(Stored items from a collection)
********

(* Let $p$ be a prime, $\alpha_1,\dots,\alpha_n,\beta\ge1$, and let $f:\mathbb{Z}_{p^{\alpha_1}}\times\cdots\times\mathbb{Z}_{p^{\alpha_n}}\to\mathbb{Z}_{p^\beta}$ be any map. Put $d_j:=p^{\alpha_j}-1+(\beta-1)(p-1)p^{\alpha_j-1}$ and $[d]:=\{0,\dots,d_1\}\times\cdots\times\{0,\dots,d_n\}$. Then the polyfract $$P=\sum_{\delta\in[d]}P_\delta\prod_{j=1}^n\binom{X_j}{\delta_j},\qquad P_\delta:=\sum_{x\in\mathbb{Z}_{p^{\alpha_1}}\times\cdots\times\mathbb{Z}_{p^{\alpha_n}}}\binom{\delta_1}{\delta_1-x_1}_{p^{\alpha_1},p^\beta}\cdots\binom{\delta_n}{\delta_n-x_n}_{p^{\alpha_n},p^\beta}f(x),$$ is $(p^{\alpha_1},\dots,p^{\alpha_n})$-periodic and interpolates $f$: $P(x)=f(x)$ for all $x\in\mathbb{Z}_{p^{\alpha_1}}\times\cdots\times\mathbb{Z}_{p^{\alpha_n}}$.
   Context: $\mathbb{Z}_r=\mathbb{Z}/r\mathbb{Z}$; $\binom{X}{\delta}=X(X-1)\cdots(X-\delta+1)/\delta!$, $\binom{X}{0}=1$. For integers $d\ge0$, $q\ge1$, $r\ge0$ and a residue class $x\in\mathbb{Z}_q$, the co-monofract value is $\binom{d}{x}_{q}:=\sum_{\hat x\in x,\ \hat x\ge0}(-1)^{\hat x}\binom{d}{\hat x}\in\mathbb{Z}$ (only $\hat x\le d$ contribute) and $\binom{d}{x}_{q,r}:=\binom{d}{x}_q+r\mathbb{Z}\in\mathbb{Z}_r$; here $\delta_j-x_j$ denotes the residue class $\delta_j+\mathbb{Z}_{p^{\alpha_j}}$-difference in $\mathbb{Z}_{p^{\alpha_j}}$. A polyfract $P$ is evaluated at $x\in\mathbb{Z}^n$ by $P(x)=\sum_\delta(\prod_j\binom{x_j}{\delta_j})P_\delta\in\mathbb{Z}_{p^\beta}$; being periodic, it induces a map on $\mathbb{Z}_{p^{\alpha_1}}\times\cdots\times\mathbb{Z}_{p^{\alpha_n}}$. *)

From HB Require Import structures.
From mathcomp Require Import all_boot all_order all_algebra.
Set Implicit Arguments. Unset Strict Implicit. Unset Printing Implicit Defensive.
Import Order.TTheory GRing.Theory Num.Theory.
Local Open Scope ring_scope.

(* Integer binomial X(X-1)...(X-k+1)/k!  (exact division in int). *)
Definition binz (X : int) (k : nat) : int :=
  ((\prod_(i < k) (X - i%:Z)) %/ (k`!)%:Z)%Z.

(* co-monofract value  binom(d, c)_q := sum over hat x >= 0, hat x in c + qZ,
   of (-1)^(hat x) 'C(d, hat x); only hat x <= d contribute. *)
Definition comono (d q : nat) (c : int) : int :=
  \sum_(0 <= k < d.+1 | (k%:Z == c %[mod q%:Z])%Z) (-1) ^+ k * ('C(d, k))%:Z.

********

## WHAT TO WORK ON
Reproduce verbatim only the lines from the one holding "((\prod_(i < k)" through the end of the records.

## REPLY TO THE TASK
  ((\prod_(i < k) (X - i%:Z)) %/ (k`!)%:Z)%Z.

(* co-monofract value  binom(d, c)_q := sum over hat x >= 0, hat x in c + qZ,
   of (-1)^(hat x) 'C(d, hat x); only hat x <= d contribute. *)
Definition comono (d q : nat) (c : int) : int :=
  \sum_(0 <= k < d.+1 | (k%:Z == c %[mod q%:Z])%Z) (-1) ^+ k * ('C(d, k))%:Z.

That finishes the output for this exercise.